Content starts

Lemma rep_delta s phi y : rep (delta R s) phi y = act s phi y.
Proof.
rewrite /rep (csum_single (x := s)) => [|t ts]; first by rewrite /delta eqxx mul1r.
by rewrite /delta (negbTE ts) mul0r.
Qed.

Lemma act_rep x b phi y :
  act x (rep b phi) y = csum [set: cu2] (fun w => b w * act x (act w phi) y).
Proof.
rewrite [LHS]/act; under [RHS]csum_ext do rewrite [act x _ y]/act.
case: ifP => _ //; by rewrite (csum_ext (v := fun _ => 0)) ?csum0 // => w _; rewrite mulr0.
Qed.

Lemma rep_conv a b phi y : l1 a -> l1 b -> bounded phi ->
  rep (conv a b) phi y = rep a (rep b phi) y.
Proof.
move=> la lb [B hB]; have B0 := bound_ge0 hB.
pose H p := a p.1 * b p.2 * act p.1 (act p.2 phi) y.
have actB x w : normc (act x (act w phi) y) <= B by apply: act_le => y'; exact: act_le.
have sab := csummable_prod la lb.
have sH : csummable [set: cu2 * cu2] H.
  by apply: csummable_mul_bounded B0 _ sab => p _; exact: actB.
have -> : rep (conv a b) phi y = csum [set: cu2] (fun z => csum (mul_fibre z) H).
  apply: csum_ext => z _; rewrite -csum_scaler; last exact: csummable_subset sab.
  by apply: csum_ext => p hp; rewrite /H act_mul hp.
rewrite csum_fibres // => [|p hp]; last by rewrite /H act_mul hp mulr0.
rewrite (csum_blocks fst) //; apply: csum_ext => x _.
rewrite (csum_reindex (P := [set: cu2]) (e := fun w => (x, w))); last first.
  by split => [w _ //|w1 w2 _ _ [] //|[x' w] [_ /= ->]]; exists w.
rewrite act_rep -csum_scale; last first.
  by apply: csummable_mul_bounded B0 _ lb => w _; exact: actB.
by apply: csum_ext => w _; rewrite /H mulrA.
Qed.
(* Under the setting and assumptions in the context (in particular $\lambda_t=c\,e^{-\gamma t}$ with $0<c<1$, $\gamma>0$, the state bound $|x_i(t)|\le\eta$, informative trust observations $E_{\mathcal L}>0>E_{\mathcal M}$, and connectedness of the subgraph induced by the legitimate agents), almost surely the legitimate agents' states converge to a common finite value: there exist almost surely finite random vectors $\tilde x^{\mathcal L},\tilde x^{\mathcal M}\in\mathbb R^{L}$ such that $$\lim_{t\to\infty} x^{\mathcal L}(t)=\mathbf 1\, v^\top(\tilde x^{\mathcal L}+\tilde x^{\mathcal M}),$$ where $v$ is the stochastic vector with $(\overline W^{\mathcal L})^{\infty}=\mathbf 1 v^\top$. Explicitly, writing $P^{\lambda}_{k_0}=\prod_{k=\max\{k_0,T_f\}}^{\infty}(1-\lambda_k)$ and $Q_{k_0}=\prod_{k=k_0}^{\max\{k_0,T_f\}-1}(1-\lambda_k)W^{\mathcal L}_k$ (ordered product, later factors on the left; empty product $=I$), one has $\tilde x^{\mathcal L}=P^{\lambda}_0Q_0x^{\mathcal L}(0)+\sum_{k=0}^{\infty}P^{\lambda}_{k+1}Q_{k+1}\lambda_k x^{\mathcal L}(0)$ and $\tilde x^{\mathcal M}=\sum_{k=0}^{T_f-1}P^{\lambda}_{k+1}Q_{k+1}(1-\lambda_k)W^{\mathcal M}_k x^{\mathcal M}(k)$.
   Context: Agents $\mathcal V=\{1,\dots,N\}$ communicate over a fixed graph $\mathcal G=(\mathcal V,\mathcal E)$; $(i,j)\in\mathcal E$ means $j$ can send data to $i$, and $\mathcal N_i=\{j\in\mathcal V:(i,j)\in\mathcal E\}$ (with $i\notin\mathcal N_i$). Legitimate agents are $\mathcal L=\{1,\dots,L\}$, malicious agents $\mathcal M=\{L+1,\dots,N\}$, $M=N-L$. The subgraph induced by $\mathcal L$ is connected. $x_i(t)\in\mathbb R$ is agent $i$'s state, $x^{\mathcal L}(t)\in\mathbb R^L$, $x^{\mathcal M}(t)\in\mathbb R^M$ the stacked states; malicious states evolve arbitrarily. State bound: $\max_{i\in\mathcal V,t\ge0}|x_i(t)|\le\eta$. Nominal matrix $\overline W^{\mathcal L}\in\mathbb R^{L\times L}$: $[\overline W^{\mathcal L}]_{ij}=1/(|\mathcal N_i\cap\mathcal L|+1)$ if $j\in\mathcal N_i\cap\mathcal L$, $0$ if $j\notin\mathcal N_i\cup\{i\}$, and $[\overline W^{\mathcal L}]_{ii}=1-\sum_{j\in\mathcal N_i\cap\mathcal L}[\overline W^{\mathcal L}]_{ij}$. It is primitive and $(\overline W^{\mathcal L})^\infty=\mathbf 1v^\top$ for a stochastic vector $v$. Trust: for each $i\in\mathcal L$, $j\in\mathcal N_i$, $t\ge0$ an observation $\alpha_{ij}(t)\in[0,1]$ is available; for each pair the $\alpha_{ij}(t)$, $t\ge0$, are independent with a common mean, and $E_{\mathcal L}=\mathbb E[\alpha_{ij}]-1/2$ if $j\in\mathcal L$, $E_{\mathcal M}=\mathbb E[\alpha_{ij}]-1/2$ if $j\in\mathcal M$; assume $E_{\mathcal L}>0$, $E_{\mathcal M}<0$. Let $\beta_{ij}(t)=\sum_{s=0}^t(\alpha_{ij}(s)-1/2)$ and $\mathcal N_i(t)=\{j\in\mathcal N_i:\beta_{ij}(t)\ge0\}$. Weights: $w_{ij}(t)=1/(|\mathcal N_i(t)|+1)$ if $j\in\mathcal N_i(t)$, $0$ if $j\notin\mathcal N_i(t)\cup\{i\}$, $w_{ii}(t)=1-\sum_{j\in\mathcal N_i}w_{ij}(t)$. Protocol for $i\in\mathcal L$, $t\ge0$: $x_i(t+1)=\lambda_t x_i(0)+(1-\lambda_t)\sum_{j\in\mathcal N_i\cup\{i\}}w_{ij}(t)x_j(t)$, with $\lambda_t=c\,e^{-\gamma t}$, $0<c<1$, $\gamma>0$. $W^{\mathcal L}_t=[w_{ij}(t)]_{i,j\in\mathcal L}$, $W^{\mathcal M}_t=[w_{ij}(t)]_{i\in\mathcal L,j\in\mathcal M}$. $T_f$ is the (random) smallest time such that $W^{\mathcal L}_t=\overline W^{\mathcal L}$ for all $t\ge T_f$; it is finite almost surely. *)

From HB Require Import structures.
From mathcomp Require Import all_boot all_order all_algebra.
From mathcomp Require Import all_classical all_reals all_analysis.
Set Implicit Arguments. Unset Strict Implicit. Unset Printing Implicit Defensive.
Import Order.TTheory GRing.Theory Num.Theory.
Import numFieldNormedType.Exports.
Local Open Scope classical_set_scope.
Local Open Scope ring_scope.

(* Agents are 'I_(L + M): legitimate agent i : 'I_L is [lshift M i],
   malicious agent j : 'I_M is [rshift L j].
   E i j (boolean) means (i,j) is an edge, i.e. j can send data to i. *)

Section Defs.
Variable R : realType.
Variables L M : nat.
Notation N := (L + M)%N.
Variable E : rel 'I_N.

Definition legit (i : 'I_L) : 'I_N := lshift M i.
Definition malic (j : 'I_M) : 'I_N := rshift L j.

Definition Erel_L : rel 'I_L := fun i j => E (legit i) (legit j).

Definition nbL (i : 'I_L) : nat := #|[set j : 'I_L | E (legit i) (legit j)]|.

Definition Wbar : 'M[R]_L :=
  \matrix_(i < L, j < L)
    if j == i then 1 - \sum_(k : 'I_L | E (legit i) (legit k)) 1 / (nbL i).+1%:R
    else if E (legit i) (legit j) then 1 / (nbL i).+1%:R else 0.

Content ends

In the listing above, find the line containing "by apply: csum_ext => w _; rewrite /H mulrA." and the line containing "(* Under the", then repeat those two lines and everything between them exactly.

> _RESPONSE TO THIS TASK_:
by apply: csum_ext => w _; rewrite /H mulrA.
Qed.
(* Under the setting and assumptions in the context (in particular $\lambda_t=c\,e^{-\gamma t}$ with $0<c<1$, $\gamma>0$, the state bound $|x_i(t)|\le\eta$, informative trust observations $E_{\mathcal L}>0>E_{\mathcal M}$, and connectedness of the subgraph induced by the legitimate agents), almost surely the legitimate agents' states converge to a common finite value: there exist almost surely finite random vectors $\tilde x^{\mathcal L},\tilde x^{\mathcal M}\in\mathbb R^{L}$ such that $$\lim_{t\to\infty} x^{\mathcal L}(t)=\mathbf 1\, v^\top(\tilde x^{\mathcal L}+\tilde x^{\mathcal M}),$$ where $v$ is the stochastic vector with $(\overline W^{\mathcal L})^{\infty}=\mathbf 1 v^\top$. Explicitly, writing $P^{\lambda}_{k_0}=\prod_{k=\max\{k_0,T_f\}}^{\infty}(1-\lambda_k)$ and $Q_{k_0}=\prod_{k=k_0}^{\max\{k_0,T_f\}-1}(1-\lambda_k)W^{\mathcal L}_k$ (ordered product, later factors on the left; empty product $=I$), one has $\tilde x^{\mathcal L}=P^{\lambda}_0Q_0x^{\mathcal L}(0)+\sum_{k=0}^{\infty}P^{\lambda}_{k+1}Q_{k+1}\lambda_k x^{\mathcal L}(0)$ and $\tilde x^{\mathcal M}=\sum_{k=0}^{T_f-1}P^{\lambda}_{k+1}Q_{k+1}(1-\lambda_k)W^{\mathcal M}_k x^{\mathcal M}(k)$.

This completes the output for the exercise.